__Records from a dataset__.
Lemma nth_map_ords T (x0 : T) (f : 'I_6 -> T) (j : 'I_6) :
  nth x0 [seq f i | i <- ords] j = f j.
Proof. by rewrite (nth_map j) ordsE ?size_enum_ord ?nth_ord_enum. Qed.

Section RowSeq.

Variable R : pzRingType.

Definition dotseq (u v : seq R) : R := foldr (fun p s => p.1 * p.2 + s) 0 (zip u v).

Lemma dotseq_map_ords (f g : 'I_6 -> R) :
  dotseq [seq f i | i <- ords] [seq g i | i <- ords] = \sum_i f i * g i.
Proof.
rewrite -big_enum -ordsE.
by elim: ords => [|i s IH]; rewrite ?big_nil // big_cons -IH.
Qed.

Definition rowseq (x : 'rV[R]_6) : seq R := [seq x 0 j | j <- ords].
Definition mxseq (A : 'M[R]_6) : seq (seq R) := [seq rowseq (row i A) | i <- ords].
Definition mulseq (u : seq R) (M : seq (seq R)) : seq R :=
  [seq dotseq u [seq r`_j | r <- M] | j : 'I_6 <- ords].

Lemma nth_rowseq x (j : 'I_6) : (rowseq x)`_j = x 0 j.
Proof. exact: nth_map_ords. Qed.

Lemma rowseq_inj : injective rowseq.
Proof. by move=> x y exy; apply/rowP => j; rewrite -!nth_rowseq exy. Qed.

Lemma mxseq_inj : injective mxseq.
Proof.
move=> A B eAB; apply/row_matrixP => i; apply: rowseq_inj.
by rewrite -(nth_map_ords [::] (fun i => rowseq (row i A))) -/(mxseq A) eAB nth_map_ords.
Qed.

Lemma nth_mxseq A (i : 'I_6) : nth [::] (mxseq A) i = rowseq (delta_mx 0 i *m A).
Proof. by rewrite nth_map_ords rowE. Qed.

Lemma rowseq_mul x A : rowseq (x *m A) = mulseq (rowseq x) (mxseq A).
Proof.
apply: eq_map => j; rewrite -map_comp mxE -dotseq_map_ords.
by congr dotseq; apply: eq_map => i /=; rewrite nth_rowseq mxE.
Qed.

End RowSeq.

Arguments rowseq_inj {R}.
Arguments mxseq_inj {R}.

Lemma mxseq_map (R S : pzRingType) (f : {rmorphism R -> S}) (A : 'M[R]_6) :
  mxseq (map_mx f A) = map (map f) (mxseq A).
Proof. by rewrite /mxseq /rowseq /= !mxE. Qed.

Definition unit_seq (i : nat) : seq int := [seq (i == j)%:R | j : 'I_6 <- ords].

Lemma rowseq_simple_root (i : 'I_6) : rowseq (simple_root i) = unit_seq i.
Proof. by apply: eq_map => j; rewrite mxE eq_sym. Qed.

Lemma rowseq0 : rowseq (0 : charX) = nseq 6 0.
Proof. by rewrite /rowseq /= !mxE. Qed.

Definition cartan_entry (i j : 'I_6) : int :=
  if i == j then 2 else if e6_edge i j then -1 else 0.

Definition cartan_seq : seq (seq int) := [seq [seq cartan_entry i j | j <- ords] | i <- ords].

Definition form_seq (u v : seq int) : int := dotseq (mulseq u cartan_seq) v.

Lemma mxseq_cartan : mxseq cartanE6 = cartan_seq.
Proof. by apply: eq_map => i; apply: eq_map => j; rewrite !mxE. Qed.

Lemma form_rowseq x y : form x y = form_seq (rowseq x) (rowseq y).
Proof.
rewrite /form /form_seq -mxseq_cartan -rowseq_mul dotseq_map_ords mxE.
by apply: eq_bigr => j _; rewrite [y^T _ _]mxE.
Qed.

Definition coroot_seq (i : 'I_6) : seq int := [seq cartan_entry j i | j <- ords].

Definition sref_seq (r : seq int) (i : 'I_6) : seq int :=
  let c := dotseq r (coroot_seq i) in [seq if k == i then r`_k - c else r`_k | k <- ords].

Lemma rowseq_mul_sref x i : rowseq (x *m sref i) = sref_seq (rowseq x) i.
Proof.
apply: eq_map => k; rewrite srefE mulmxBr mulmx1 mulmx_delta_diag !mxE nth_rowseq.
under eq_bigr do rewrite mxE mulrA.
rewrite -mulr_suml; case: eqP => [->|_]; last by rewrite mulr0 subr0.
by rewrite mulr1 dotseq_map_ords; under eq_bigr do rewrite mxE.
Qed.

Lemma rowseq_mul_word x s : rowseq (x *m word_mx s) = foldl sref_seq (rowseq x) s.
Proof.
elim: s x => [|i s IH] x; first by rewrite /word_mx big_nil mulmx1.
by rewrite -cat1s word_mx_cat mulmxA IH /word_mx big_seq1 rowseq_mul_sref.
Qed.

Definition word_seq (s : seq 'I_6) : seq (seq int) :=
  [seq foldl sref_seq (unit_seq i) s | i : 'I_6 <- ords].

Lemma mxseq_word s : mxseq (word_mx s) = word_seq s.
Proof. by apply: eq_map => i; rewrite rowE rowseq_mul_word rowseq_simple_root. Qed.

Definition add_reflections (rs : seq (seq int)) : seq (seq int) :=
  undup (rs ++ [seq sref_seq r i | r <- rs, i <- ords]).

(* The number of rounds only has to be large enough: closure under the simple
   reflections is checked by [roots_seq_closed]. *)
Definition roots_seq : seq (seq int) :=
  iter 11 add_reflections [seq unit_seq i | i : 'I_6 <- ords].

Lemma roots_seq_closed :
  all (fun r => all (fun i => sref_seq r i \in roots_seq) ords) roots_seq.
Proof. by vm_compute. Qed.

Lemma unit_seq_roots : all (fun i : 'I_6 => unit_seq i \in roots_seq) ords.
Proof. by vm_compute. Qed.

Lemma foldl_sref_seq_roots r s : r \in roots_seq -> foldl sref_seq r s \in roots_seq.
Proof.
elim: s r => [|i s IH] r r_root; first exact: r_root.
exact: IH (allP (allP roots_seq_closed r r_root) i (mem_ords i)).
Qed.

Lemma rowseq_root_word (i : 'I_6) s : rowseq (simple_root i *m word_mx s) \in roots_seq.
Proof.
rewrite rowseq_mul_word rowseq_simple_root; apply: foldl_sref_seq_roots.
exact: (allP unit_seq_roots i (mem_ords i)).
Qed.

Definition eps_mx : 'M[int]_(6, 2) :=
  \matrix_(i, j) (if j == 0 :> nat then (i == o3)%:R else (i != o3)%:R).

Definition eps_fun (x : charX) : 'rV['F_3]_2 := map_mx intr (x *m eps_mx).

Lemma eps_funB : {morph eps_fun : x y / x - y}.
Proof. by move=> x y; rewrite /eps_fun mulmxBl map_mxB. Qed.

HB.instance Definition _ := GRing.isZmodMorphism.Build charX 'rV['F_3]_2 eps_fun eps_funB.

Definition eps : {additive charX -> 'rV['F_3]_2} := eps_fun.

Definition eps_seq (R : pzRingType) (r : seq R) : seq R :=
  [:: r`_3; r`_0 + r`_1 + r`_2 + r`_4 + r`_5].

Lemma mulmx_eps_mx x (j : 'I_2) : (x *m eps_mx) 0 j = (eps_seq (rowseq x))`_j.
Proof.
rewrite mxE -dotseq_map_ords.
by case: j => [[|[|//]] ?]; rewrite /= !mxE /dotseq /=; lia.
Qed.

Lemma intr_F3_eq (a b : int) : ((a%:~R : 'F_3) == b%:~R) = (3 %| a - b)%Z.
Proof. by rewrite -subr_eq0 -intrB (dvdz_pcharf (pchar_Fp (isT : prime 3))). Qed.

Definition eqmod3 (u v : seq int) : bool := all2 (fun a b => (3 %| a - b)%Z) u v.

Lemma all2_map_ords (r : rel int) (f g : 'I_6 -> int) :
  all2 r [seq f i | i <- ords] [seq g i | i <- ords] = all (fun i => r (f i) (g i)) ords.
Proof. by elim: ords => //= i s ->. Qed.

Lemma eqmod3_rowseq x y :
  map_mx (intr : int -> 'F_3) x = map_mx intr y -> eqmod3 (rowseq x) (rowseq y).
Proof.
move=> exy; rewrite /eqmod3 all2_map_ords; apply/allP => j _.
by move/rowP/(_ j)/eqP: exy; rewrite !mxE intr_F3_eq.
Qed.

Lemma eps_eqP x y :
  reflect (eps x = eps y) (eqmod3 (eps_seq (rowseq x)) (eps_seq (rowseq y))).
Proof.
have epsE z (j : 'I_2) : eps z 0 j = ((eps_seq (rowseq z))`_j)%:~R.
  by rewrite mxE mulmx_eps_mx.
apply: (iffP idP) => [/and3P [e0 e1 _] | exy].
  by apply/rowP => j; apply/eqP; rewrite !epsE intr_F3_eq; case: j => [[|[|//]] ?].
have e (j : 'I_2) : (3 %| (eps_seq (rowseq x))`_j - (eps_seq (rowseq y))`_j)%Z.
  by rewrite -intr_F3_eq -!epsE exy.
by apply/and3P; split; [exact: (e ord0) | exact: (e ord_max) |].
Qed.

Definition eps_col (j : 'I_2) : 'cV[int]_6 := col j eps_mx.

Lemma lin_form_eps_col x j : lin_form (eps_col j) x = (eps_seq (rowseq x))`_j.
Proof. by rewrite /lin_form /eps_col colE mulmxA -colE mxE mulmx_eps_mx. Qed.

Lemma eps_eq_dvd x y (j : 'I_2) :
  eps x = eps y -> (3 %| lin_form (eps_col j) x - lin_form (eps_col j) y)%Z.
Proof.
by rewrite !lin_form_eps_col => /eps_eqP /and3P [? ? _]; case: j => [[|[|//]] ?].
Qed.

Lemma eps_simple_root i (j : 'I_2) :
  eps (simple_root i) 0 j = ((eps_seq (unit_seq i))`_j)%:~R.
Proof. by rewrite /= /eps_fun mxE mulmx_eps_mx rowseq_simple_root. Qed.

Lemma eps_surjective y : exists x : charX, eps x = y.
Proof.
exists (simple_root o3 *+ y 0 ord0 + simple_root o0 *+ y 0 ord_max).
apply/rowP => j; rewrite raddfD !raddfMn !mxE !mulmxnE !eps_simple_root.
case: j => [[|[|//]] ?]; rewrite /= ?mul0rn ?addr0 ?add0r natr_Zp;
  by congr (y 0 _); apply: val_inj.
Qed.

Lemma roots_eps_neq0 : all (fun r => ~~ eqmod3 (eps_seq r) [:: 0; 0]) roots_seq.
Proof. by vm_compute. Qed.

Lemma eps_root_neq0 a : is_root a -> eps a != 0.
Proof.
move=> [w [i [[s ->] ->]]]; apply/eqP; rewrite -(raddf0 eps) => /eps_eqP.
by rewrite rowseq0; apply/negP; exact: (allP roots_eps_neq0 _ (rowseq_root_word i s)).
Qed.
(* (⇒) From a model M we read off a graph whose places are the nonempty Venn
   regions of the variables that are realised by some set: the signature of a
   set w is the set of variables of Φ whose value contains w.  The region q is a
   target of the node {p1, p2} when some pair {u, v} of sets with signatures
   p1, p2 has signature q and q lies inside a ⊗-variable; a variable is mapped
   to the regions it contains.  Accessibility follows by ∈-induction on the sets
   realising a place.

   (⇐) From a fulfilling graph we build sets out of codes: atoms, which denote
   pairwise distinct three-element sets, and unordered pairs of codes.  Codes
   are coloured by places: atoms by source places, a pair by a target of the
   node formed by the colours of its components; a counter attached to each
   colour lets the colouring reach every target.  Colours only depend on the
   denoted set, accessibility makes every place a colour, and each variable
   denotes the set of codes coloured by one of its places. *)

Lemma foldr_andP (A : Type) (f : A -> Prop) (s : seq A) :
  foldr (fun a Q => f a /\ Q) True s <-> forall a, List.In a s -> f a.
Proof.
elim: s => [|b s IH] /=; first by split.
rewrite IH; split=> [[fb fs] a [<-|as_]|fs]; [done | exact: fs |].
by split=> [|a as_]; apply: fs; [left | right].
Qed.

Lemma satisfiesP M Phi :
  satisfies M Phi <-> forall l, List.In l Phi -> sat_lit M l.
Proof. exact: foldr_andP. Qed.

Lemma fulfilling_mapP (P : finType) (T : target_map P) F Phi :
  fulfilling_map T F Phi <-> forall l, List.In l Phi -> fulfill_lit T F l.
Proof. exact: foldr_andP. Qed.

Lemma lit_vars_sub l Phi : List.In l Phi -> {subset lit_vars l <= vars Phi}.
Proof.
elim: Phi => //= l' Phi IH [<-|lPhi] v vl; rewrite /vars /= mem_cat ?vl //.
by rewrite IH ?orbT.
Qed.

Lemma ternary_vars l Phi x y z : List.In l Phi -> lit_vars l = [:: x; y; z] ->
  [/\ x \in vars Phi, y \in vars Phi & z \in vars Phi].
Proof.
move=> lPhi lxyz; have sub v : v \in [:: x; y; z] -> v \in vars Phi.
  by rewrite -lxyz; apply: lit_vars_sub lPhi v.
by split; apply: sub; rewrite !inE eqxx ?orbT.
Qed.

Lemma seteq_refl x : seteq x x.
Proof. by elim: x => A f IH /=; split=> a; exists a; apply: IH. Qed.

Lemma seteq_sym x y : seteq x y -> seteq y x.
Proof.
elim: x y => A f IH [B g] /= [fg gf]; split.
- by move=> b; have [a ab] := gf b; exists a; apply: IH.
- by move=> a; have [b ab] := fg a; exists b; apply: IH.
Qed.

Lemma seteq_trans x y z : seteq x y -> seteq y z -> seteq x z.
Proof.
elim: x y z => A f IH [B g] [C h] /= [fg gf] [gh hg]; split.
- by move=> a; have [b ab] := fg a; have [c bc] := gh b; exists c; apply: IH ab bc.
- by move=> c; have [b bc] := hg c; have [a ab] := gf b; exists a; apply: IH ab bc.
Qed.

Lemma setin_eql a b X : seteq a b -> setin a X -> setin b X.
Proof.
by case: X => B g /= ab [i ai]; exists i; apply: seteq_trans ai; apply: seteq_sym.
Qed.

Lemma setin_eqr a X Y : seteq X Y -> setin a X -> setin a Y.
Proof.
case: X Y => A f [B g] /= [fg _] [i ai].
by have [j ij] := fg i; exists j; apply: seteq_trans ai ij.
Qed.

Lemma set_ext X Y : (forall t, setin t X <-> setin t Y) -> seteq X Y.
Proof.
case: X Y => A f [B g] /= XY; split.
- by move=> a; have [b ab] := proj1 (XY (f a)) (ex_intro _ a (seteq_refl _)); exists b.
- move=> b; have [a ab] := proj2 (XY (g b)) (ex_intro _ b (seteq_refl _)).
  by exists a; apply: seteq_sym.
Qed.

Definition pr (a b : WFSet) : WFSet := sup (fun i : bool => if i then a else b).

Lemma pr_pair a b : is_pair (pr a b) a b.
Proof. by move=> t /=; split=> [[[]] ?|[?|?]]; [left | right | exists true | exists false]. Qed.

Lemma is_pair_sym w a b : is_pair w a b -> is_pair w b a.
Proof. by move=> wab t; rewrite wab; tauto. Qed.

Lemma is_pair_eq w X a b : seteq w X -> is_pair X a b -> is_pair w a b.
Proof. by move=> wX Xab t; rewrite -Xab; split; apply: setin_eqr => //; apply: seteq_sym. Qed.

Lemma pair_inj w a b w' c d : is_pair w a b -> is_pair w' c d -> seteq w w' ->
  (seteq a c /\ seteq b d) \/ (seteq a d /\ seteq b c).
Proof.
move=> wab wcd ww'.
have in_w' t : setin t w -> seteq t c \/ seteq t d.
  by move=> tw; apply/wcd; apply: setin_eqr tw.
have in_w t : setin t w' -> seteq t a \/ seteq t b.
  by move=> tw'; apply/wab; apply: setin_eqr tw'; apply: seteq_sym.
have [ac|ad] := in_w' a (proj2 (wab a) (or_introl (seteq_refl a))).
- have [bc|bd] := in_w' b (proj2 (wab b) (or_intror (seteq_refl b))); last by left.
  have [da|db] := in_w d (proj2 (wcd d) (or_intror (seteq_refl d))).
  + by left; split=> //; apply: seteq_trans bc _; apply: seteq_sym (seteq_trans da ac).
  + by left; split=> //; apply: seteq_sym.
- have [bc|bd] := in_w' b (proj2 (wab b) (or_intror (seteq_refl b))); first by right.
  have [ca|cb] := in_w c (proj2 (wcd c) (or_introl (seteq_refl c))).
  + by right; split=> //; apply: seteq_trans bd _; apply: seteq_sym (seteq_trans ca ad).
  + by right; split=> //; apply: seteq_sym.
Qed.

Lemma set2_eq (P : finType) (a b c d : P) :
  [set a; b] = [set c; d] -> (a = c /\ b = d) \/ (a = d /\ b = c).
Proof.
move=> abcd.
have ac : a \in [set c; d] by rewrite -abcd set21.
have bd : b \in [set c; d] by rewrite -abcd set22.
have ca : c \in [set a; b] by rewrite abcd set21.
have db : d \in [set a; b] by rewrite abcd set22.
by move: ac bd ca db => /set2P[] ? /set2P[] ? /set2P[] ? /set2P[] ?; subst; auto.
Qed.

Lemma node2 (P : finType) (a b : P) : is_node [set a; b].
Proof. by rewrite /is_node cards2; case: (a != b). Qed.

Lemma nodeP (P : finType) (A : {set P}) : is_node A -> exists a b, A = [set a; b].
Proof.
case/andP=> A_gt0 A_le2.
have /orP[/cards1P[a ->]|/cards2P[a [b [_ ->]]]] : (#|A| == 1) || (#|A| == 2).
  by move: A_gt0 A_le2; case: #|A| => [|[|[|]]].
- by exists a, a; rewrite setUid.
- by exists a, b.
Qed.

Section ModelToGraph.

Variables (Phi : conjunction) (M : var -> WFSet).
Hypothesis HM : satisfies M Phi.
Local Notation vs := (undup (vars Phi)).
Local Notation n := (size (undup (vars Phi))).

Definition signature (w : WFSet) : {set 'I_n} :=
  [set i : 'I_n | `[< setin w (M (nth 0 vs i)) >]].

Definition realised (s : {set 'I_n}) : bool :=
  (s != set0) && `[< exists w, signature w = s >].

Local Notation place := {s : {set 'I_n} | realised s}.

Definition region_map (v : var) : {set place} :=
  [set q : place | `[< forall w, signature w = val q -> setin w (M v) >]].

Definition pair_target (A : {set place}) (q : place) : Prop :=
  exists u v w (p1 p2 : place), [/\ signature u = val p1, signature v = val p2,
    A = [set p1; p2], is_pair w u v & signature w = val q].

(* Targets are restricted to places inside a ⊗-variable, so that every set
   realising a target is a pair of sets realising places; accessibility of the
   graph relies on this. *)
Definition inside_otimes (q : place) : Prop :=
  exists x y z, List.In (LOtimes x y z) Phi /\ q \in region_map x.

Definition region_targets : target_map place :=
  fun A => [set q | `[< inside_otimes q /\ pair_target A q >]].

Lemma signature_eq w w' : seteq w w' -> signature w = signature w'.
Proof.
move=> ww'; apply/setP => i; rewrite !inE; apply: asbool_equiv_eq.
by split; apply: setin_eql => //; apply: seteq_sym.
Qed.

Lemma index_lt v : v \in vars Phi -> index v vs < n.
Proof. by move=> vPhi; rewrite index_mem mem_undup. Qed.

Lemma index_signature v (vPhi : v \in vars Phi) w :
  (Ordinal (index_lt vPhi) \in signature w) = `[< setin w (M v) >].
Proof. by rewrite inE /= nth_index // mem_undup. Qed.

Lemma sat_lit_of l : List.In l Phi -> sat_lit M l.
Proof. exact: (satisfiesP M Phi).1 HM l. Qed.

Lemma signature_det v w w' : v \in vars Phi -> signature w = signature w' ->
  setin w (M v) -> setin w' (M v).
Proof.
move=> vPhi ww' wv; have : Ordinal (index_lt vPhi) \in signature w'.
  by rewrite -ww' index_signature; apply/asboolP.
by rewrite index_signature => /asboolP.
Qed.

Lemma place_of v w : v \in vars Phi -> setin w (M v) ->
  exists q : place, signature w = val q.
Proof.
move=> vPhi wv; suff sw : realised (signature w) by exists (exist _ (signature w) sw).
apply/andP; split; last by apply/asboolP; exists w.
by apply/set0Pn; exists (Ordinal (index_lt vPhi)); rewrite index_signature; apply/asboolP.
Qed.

__PROBLEM DETAILS__. Starting at the first line of the data above, please restate word for word every line up to and including the one that holds "by elim: ords => [|i", and add nothing else.

__WRITTEN SOLUTION__.
Lemma nth_map_ords T (x0 : T) (f : 'I_6 -> T) (j : 'I_6) :
  nth x0 [seq f i | i <- ords] j = f j.
Proof. by rewrite (nth_map j) ordsE ?size_enum_ord ?nth_ord_enum. Qed.

Section RowSeq.

Variable R : pzRingType.

Definition dotseq (u v : seq R) : R := foldr (fun p s => p.1 * p.2 + s) 0 (zip u v).

Lemma dotseq_map_ords (f g : 'I_6 -> R) :
  dotseq [seq f i | i <- ords] [seq g i | i <- ords] = \sum_i f i * g i.
Proof.
rewrite -big_enum -ordsE.
by elim: ords => [|i s IH]; rewrite ?big_nil // big_cons -IH.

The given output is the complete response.